Activity: Filter the records, keeping every line that has the string "first".

Information given:
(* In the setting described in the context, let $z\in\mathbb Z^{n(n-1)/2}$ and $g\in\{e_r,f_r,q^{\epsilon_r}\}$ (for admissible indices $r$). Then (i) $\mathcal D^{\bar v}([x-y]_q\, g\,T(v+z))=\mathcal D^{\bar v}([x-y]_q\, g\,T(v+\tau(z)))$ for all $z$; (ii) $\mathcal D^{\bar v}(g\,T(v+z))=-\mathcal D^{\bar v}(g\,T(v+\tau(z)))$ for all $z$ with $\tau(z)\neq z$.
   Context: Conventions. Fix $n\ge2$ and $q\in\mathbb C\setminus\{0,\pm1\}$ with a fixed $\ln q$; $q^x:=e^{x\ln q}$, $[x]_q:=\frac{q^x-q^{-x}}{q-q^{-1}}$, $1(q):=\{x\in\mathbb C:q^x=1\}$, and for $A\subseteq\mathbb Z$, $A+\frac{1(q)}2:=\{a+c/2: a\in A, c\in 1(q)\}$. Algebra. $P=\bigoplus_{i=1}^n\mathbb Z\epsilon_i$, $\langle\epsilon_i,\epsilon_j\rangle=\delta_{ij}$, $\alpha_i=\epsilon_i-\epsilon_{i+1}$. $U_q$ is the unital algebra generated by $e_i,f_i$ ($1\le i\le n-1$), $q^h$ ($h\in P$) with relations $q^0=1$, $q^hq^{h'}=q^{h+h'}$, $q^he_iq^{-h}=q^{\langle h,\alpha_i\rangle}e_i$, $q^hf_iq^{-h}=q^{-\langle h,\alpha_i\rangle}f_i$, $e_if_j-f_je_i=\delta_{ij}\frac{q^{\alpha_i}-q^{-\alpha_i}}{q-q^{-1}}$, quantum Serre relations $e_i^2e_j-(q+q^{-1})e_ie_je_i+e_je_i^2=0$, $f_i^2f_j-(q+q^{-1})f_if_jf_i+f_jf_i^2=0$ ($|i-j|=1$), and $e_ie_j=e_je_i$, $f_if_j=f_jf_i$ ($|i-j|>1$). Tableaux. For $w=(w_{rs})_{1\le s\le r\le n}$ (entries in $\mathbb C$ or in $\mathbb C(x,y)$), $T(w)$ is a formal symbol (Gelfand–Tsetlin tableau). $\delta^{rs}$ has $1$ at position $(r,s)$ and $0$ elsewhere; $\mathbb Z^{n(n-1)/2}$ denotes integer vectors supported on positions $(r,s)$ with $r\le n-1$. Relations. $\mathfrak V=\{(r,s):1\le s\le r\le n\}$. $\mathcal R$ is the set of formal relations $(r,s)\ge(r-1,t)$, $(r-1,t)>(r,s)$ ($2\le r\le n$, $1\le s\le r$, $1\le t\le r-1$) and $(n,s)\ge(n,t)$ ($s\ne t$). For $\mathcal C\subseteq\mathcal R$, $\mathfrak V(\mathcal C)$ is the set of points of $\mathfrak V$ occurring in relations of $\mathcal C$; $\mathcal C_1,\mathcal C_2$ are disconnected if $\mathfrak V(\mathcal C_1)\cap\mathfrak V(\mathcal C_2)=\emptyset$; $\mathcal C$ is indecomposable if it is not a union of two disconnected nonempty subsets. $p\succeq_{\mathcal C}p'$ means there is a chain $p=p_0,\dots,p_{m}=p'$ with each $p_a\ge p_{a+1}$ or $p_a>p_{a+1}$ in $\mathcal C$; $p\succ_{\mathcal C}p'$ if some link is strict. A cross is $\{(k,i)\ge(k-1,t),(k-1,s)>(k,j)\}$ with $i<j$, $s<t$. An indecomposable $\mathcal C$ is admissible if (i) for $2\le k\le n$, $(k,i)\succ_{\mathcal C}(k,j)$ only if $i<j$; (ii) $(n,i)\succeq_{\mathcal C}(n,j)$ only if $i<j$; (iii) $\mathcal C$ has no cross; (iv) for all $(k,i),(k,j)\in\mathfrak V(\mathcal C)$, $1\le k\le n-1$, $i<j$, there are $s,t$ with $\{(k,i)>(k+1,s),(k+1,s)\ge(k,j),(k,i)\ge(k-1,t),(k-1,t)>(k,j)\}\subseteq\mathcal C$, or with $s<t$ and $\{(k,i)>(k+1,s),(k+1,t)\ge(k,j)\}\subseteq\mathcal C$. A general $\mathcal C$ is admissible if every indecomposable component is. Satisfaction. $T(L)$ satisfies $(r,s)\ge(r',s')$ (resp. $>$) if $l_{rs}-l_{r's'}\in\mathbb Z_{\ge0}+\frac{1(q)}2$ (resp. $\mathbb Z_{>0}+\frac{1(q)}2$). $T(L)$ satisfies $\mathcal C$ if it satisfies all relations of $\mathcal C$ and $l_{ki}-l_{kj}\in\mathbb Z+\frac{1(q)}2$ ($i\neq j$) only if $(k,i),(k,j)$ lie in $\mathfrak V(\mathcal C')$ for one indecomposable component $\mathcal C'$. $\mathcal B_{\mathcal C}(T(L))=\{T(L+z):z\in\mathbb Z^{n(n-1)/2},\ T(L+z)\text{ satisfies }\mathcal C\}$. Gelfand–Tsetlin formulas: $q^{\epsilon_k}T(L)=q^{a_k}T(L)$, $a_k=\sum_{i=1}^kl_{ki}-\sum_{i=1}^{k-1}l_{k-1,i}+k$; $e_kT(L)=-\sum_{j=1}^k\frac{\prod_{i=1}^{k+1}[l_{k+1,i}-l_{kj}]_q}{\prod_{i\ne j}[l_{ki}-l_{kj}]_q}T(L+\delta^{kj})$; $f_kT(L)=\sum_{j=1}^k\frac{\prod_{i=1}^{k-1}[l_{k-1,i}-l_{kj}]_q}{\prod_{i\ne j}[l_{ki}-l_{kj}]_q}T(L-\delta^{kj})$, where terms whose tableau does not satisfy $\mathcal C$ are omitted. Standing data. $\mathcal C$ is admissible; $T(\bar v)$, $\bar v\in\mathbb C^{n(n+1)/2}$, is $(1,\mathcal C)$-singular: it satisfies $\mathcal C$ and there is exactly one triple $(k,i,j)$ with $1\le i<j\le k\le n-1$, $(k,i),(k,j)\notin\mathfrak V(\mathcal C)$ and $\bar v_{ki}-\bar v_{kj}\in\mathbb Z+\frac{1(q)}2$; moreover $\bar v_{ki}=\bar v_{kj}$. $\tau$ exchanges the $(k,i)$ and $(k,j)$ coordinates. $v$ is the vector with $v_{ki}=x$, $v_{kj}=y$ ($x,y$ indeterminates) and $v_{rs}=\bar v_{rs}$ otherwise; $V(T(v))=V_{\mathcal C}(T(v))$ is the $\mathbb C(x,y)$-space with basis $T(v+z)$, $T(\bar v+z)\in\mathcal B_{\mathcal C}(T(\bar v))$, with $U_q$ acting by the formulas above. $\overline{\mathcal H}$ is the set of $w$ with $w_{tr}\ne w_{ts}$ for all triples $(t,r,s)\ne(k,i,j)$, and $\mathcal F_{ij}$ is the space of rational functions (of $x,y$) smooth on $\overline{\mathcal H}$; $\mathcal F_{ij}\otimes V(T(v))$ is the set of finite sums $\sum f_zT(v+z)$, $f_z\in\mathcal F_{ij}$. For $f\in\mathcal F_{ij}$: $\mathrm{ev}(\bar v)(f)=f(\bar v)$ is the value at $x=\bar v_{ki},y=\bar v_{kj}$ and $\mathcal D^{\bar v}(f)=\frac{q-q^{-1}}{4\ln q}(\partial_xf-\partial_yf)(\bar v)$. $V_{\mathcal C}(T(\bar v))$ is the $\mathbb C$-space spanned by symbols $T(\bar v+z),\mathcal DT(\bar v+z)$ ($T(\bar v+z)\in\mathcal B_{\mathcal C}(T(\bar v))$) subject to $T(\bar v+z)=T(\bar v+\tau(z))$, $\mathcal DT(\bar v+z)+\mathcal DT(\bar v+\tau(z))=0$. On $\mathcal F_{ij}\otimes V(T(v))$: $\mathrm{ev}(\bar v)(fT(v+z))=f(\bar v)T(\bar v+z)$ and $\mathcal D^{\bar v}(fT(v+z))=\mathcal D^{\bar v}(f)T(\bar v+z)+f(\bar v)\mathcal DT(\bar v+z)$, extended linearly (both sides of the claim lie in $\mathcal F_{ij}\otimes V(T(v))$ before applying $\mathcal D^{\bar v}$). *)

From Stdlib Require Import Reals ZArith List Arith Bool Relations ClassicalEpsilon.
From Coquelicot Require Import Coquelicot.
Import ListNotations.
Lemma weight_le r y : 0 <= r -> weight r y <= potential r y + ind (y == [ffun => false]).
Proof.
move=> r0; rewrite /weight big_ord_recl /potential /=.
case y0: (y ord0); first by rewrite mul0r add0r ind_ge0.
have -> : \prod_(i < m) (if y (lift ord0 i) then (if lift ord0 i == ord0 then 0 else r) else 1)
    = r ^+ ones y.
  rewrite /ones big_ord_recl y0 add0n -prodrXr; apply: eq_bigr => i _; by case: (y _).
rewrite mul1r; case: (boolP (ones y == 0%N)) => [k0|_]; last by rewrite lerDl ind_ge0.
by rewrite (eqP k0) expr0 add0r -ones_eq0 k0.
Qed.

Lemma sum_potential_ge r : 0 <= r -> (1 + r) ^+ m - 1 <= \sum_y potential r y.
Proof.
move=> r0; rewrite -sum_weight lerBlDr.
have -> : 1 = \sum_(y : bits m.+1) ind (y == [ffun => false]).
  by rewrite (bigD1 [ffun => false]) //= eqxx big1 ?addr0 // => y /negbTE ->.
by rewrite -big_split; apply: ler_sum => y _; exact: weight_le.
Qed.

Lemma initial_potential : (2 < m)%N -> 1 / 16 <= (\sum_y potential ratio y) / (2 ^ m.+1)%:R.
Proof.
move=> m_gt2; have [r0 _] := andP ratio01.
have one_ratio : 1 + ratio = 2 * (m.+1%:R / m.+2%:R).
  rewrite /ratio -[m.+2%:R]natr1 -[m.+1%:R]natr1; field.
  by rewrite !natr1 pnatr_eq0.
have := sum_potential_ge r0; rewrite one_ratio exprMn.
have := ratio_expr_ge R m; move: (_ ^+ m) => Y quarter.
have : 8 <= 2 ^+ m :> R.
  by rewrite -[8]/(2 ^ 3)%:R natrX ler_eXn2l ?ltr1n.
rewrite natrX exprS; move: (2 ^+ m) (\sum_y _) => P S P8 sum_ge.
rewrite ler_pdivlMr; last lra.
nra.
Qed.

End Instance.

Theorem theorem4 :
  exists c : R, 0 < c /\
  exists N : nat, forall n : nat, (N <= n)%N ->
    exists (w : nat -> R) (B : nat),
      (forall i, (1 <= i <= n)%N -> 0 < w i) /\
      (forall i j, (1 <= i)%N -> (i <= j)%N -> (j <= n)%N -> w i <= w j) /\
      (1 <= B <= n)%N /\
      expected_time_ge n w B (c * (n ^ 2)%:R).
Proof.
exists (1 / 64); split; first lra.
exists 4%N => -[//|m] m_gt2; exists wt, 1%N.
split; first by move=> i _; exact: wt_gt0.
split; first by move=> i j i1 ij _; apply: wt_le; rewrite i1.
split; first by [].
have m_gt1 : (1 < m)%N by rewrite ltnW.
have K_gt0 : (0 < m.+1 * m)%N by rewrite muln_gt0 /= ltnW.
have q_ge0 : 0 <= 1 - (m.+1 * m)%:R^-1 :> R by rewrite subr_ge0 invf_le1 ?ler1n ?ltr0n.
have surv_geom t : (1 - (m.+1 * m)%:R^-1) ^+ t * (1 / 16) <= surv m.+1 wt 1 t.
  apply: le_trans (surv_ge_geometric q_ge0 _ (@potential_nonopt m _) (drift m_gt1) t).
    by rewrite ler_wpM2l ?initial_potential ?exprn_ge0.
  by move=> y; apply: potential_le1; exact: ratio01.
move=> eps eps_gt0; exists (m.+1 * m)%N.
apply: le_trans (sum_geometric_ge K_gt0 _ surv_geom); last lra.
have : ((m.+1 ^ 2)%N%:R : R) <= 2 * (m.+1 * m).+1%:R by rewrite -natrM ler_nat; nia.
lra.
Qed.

Expected output:
case y0: (y ord0); first by rewrite mul0r add0r ind_ge0.
exists (1 / 64); split; first lra.
split; first by move=> i _; exact: wt_gt0.
split; first by move=> i j i1 ij _; apply: wt_le; rewrite i1.
split; first by [].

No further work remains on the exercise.